Here, acquisition of a bone densitometry image (BMD: Bone Mineral Density) is performed to quantitatively measure bone density. Therefore, compared to "energy subtraction imaging," which generates and renders an image in which only specific structures such as bones and lungs are emphasized from an image, more quantification is required. In common with bone densitometry images and energy subtraction images, it is necessary to shorten the readout time per row to reduce motion artifacts and the like. The reason for reducing motion artifacts in capturing bone densitometry images is that motion artifacts can degrade quantitative measurement accuracy. In two-shot imaging used to acquire energy subtraction images and bone densitometry images, more quantitative bone densitometry images require switching noise (changes in the amount of superimposed system noise due to differences in signal readout timing (differences )) is added to the image, it may not be possible to ensure the required measurement accuracy. Therefore, even with the same two-shot imaging, the acquisition of the bone densitometry image shortens the readout time per row to reduce motion artifacts and the like, compared to the acquisition of the energy subtraction image, while increasing the current drive capability. may be controlled to be higher than

In this embodiment, the readout circuit 103 can control the output impedance of the integrating amplifier 302 and can control the current driving capability of the integrating amplifier 302 . For example, by lowering the output impedance of the readout circuit 103, the current driving capability of the integrating amplifier 302 can be increased.
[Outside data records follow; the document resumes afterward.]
(* Let $E$ be a complex vector space of dimension $2$, let $f,g$ be linear endomorphisms of $E$, and let $\mathcal{U}=\{u\in\mathbb{C}\setminus\{0\} : e^u=1+u\}$. Then the following are equivalent: (i) $f\circ g\neq g\circ f$ and for every $t\in\mathbb{C}$, $\exp(tf+g)=\exp(tf)\circ\exp(g)$; (ii) there exist $\sigma,\tau\in\mathbb{C}$ such that $\tilde f=f-\sigma\,\mathrm{id}$ and $\tilde g=g-\tau\,\mathrm{id}$ satisfy $\tilde f\neq 0$, $\tilde f^2=0$, $\tilde f\circ\tilde g=0$ and $\mathrm{tr}(\tilde g)\in\mathcal{U}$.
   Context: $\mathrm{id}$ is the identity of $E$, $\mathrm{tr}$ the trace, and $\exp(u)=\sum_{k\ge0}u^k/k!$ for a linear endomorphism $u$. *)

From HB Require Import structures.
From mathcomp Require Import all_boot all_order all_algebra.
From mathcomp Require Export complex.
From mathcomp Require Import all_classical all_reals all_analysis.
Import Order.TTheory GRing.Theory Num.Theory.
Import numFieldNormedType.Exports.
Local Open Scope ring_scope.
Local Open Scope complex_scope.

Set Implicit Arguments.
Unset Strict Implicit.
Unset Printing Implicit Defensive.

Definition cexp (R : realType) (u : R[i]) : R[i] :=
  limn (series (fun k => ((k`!%:R)^-1 * u ^+ k : R[i]^o))).

(* exp(A) = sum_{k>=0} A^k / k!  for a linear endomorphism of E = C^2,
   represented by its 2x2 complex matrix (limit in the normed space 'M_2). *)
Definition mexp (R : realType) (A : 'M[R[i]]_2) : 'M[R[i]]_2 :=
  limn (series (fun k => (k`!%:R)^-1 *: A ^+ k)).

Definition Uset (R : realType) (u : R[i]) : Prop :=
  u != 0 /\ cexp u = 1 + u.

From HB Require Import structures.
From mathcomp Require Import all_boot all_order all_algebra.
From mathcomp Require Import complex.
From mathcomp Require Import all_classical all_reals all_analysis.
From mathcomp Require Import ring.
Import Order.TTheory GRing.Theory Num.Theory.
Import numFieldNormedType.Exports.
Local Open Scope classical_set_scope.
Local Open Scope ring_scope.
Local Open Scope complex_scope.

(* Every 2x2 complex matrix is l + N with N^2 = d N, and then
   exp(l + N) = e^l (1 + phi(d) N) with phi(d) = (e^d - 1)/d; in particular exp A
   lies in the span of 1 and A.  If exp(tf + g) = exp(tf) exp(g) while fg <> gf, then
   1, f, g are linearly independent, and comparing exp(tf) exp(g) with exp(tf + g)
   puts fg in the span of 1, f, g; hence (f - sigma)(g - tau) is a scalar, which must
   vanish since otherwise the two factors would commute.  For F = f - sigma and
   G = g - tau one then has F^2 = s F, G^2 = u G, and comparing coordinates gives
   phi(ts) = phi(u) for all t <> 0.  As phi is not constant, s = 0, and
   phi(u) = phi(0) = 1 says e^u = 1 + u.  Conversely these relations give
   (tF + G)^2 = u (tF + G), which makes all three exponentials explicit. *)

Section ExpPartialSums.
Context {K : numFieldType}.

Definition exp_psum (x : K) n := \sum_(0 <= k < n) (k`!%:R)^-1 * x ^+ k.

Let term (a b : K) i j := (i`!%:R)^-1 * a ^+ i * ((j`!%:R)^-1 * b ^+ j).

Lemma exp_coefD (a b : K) n :
  (n`!%:R)^-1 * (a + b) ^+ n = \sum_(0 <= i < n.+1) term a b i (n - i).
Proof.
rewrite big_nat_rev /= big_mkord exprDn big_distrr /=.
apply: eq_bigr => [[i /=]]; rewrite ltnS => lein _.
rewrite add0n subSS subKn // /term mulrnAr -mulr_natl mulrA.
have fact_neq0 k : (k`!%:R : K) != 0 by rewrite pnatr_eq0 -lt0n fact_gt0.
have bin_neq0 : ('C(n, i)%:R : K) != 0 by rewrite pnatr_eq0 -lt0n bin_gt0.
have -> : 'C(n, i)%:R / n`!%:R = ((n - i)`!%:R)^-1 * (i`!%:R)^-1 :> K.
  rewrite -(bin_fact lein) !natrM; field.
  by rewrite fact_neq0 fact_neq0 bin_neq0.
by rewrite -!mulrA; congr (_ * _); rewrite mulrCA.
Qed.

Lemma exp_psumD (a b : K) n :
  exp_psum (a + b) n = \sum_(0 <= i < n) \sum_(0 <= j < n - i) term a b i j.
Proof.
elim: n => [|n IH]; first by rewrite /exp_psum !big_geq.
rewrite /exp_psum big_nat_recr //= -/(exp_psum (a + b) n) IH exp_coefD.
rewrite [in RHS]big_nat_recr //= subSnn big_nat1.
rewrite [X in _ + X]big_nat_recr //= subnn addrA; congr (_ + _).
rewrite -big_split /=; apply: eq_big_nat => i /andP[_ lin].
by rewrite subSn ?(ltnW lin) // big_nat_recr.
Qed.

Lemma exp_psum_mul_sub (a b : K) n :
  exp_psum a n * exp_psum b n - exp_psum (a + b) n =
  \sum_(0 <= i < n) \sum_(n - i <= j < n) term a b i j.
Proof.
rewrite exp_psumD /exp_psum big_distrl -sumrB; apply: eq_big_nat => i /andP[_ lin].
rewrite big_distrr (@big_cat_nat _ _ _ (n - i) 0 n) ?leq_subr //=.
by rewrite addrAC subrr add0r.
Qed.

Lemma norm_exp_psum_mul_sub (a b : K) n :
  `|exp_psum a n * exp_psum b n - exp_psum (a + b) n| <=
  exp_psum `|a| n * exp_psum `|b| n - exp_psum (`|a| + `|b|) n.
Proof.
rewrite !exp_psum_mul_sub; apply: le_trans (ler_norm_sum _ _ _) _.
apply: ler_sum => i _; apply: le_trans (ler_norm_sum _ _ _) _.
apply: ler_sum => j _.
by rewrite /term !normrM !normrX !normfV !normr_nat.
Qed.

End ExpPartialSums.

Section ComplexExp.
Context {R : realType}.
Import ComplexField.Normc.
Local Notation C := R[i]^o.
Implicit Types (u v : C).

Lemma normc_real (x : R) : `|x%:C| = `|x|%:C :> R[i].
Proof. by rewrite normc_def /= expr0n addr0 sqrtr_sqr. Qed.

Lemma cvg_real_complex {x : nat -> R} {a : R} :
  x @ \oo --> a -> (fun n => (x n)%:C : C) @ \oo --> (a%:C : C).
Proof.
move=> /cvgrPdist_lt xa; apply/cvgrPdist_lt => e /[dup] e0.
rewrite ltcE /= => /andP[/eqP eIm eRe].
have -> : e = (complex.Re e)%:C by case: e eIm {e0 eRe} => ? ? /= ->.
near=> n; rewrite -rmorphB normc_real ltcR.
by near: n; exact: xa.
Unshelve. all: by end_near. Qed.

Lemma normc_exp_coef u k : normc ((k`!%:R)^-1 * u ^+ k) = exp_coeff (normc u) k.
Proof.
rewrite /exp_coeff /= normcM normcV normcMn normc1 mulrC; congr (_ * _).
by elim: k => [|k IH]; rewrite ?normc1 // !exprS normcM IH.
Qed.

Let cvgn_exp_psum_component {p : {additive R[i] -> R}} u :
  (forall z, `|p z| <= normc z) -> cvgn (fun n => p (exp_psum u n)).
Proof.
move=> p_le; have -> : (fun n => p (exp_psum u n)) =
    series (fun k => p ((k`!%:R)^-1 * u ^+ k)) by apply/funext => n; exact: raddf_sum.
apply: normed_cvg; apply: (series_le_cvg _ _ _ (is_cvg_series_exp_coeff (normc u))).
- by move=> k; exact: normr_ge0.
- by move=> k; apply: exp_coeff_ge0; case: (u : R[i]) => ? ?; exact: sqrtr_ge0.
- by move=> k; rewrite -normc_exp_coef; exact: p_le.
Qed.

Lemma cvg_cexp u : exp_psum u @ \oo --> (cexp u : C).
Proof.
(* [R[i]] carries no complete normed structure, so convergence is obtained from the
   real and imaginary parts, each dominated by the real exponential series of [|u|]. *)
have Re_le (z : R[i]) : `|complex.Re z| <= normc z.
  by case: z => a b; rewrite -sqrtr_sqr ler_wsqrtr // lerDl sqr_ge0.
have Im_le (z : R[i]) : `|complex.Im z| <= normc z.
  by case: z => a b; rewrite -sqrtr_sqr ler_wsqrtr // lerDr sqr_ge0.
suff : cvgn (exp_psum u) by [].
have -> : exp_psum u = fun n => (complex.Re (exp_psum u n))%:C +
    'i *: (complex.Im (exp_psum u n))%:C :> C.
  by apply/funext => n; exact: complexE.
apply/cvg_ex; eexists; apply: cvgD; first exact: cvg_real_complex (cvgn_exp_psum_component u Re_le).
apply: cvgZ (cvg_cst _) _; exact: cvg_real_complex (cvgn_exp_psum_component u Im_le).
Qed.

Lemma normc_complex (z : R[i]) : `|z| = (normc z)%:C.
Proof. by rewrite normc_def; case: z. Qed.

Lemma cexp_lim u (l : C) : exp_psum u @ \oo --> l -> cexp u = l :> C.
Proof. exact: cvg_unique _ (cvg_cexp u). Qed.

Lemma exp_psum_real (x : R) n : exp_psum (x%:C : R[i]) n = (exp_psum x n)%:C.
Proof.
rewrite /exp_psum rmorph_sum; apply: eq_bigr => k _.
by rewrite rmorphM rmorphXn fmorphV rmorph_nat.
Qed.

Lemma cvg_exp_psum_real (x : R) : exp_psum x @ \oo --> expR x.
Proof.
suff -> : exp_psum x = series (exp_coeff x) by exact: is_cvg_series_exp_coeff.
by apply/funext => n; apply: eq_bigr => k _; rewrite /exp_coeff /= mulrC.
Qed.

Lemma cexp_real (x : R) : cexp x%:C = (expR x)%:C.
Proof.
apply: cexp_lim; rewrite (funext (exp_psum_real x)).
exact: cvg_real_complex (cvg_exp_psum_real x).
Qed.

Lemma cvg_real_norm_le0 {r : nat -> R} {z : nat -> C} :
  r @ \oo --> 0 -> (forall n, `|z n| <= (r n)%:C) -> z @ \oo --> 0.
Proof.
move=> /cvg_real_complex; rewrite rmorph0 => r0 zr; apply/cvgr0Pnorm_le => e e0.
move: r0 => /cvgr0_norm_le /(_ e e0); apply: filterS => n rn_le.
by apply: le_trans (zr n) (le_trans _ rn_le); rewrite normc_real lecR ler_norm.
Qed.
From here, the operation of the radiation imaging apparatus 100 for reducing the switching noise of the image according to the imaging mode will be described. The radiation imaging apparatus 100 has a first mode in which continuous imaging such as acquisition of an energy subtraction image and imaging of a moving image is performed, and a second mode in which a still image is captured with a longer interval between imaging than in the first mode. Works in multiple modes, including Here, the integral amplifier 302 of the radiation imaging apparatus 100 is configured to be able to switch the current drive capability for driving the input node of the sample-and-hold circuit 303 . That is, the drive capability of the integral amplifier 302 is switched according to the shooting mode. More specifically, the current drive capability of integrating amplifier 302 is switched such that the current drive capability in the first mode is higher than the current drive capability in the second mode.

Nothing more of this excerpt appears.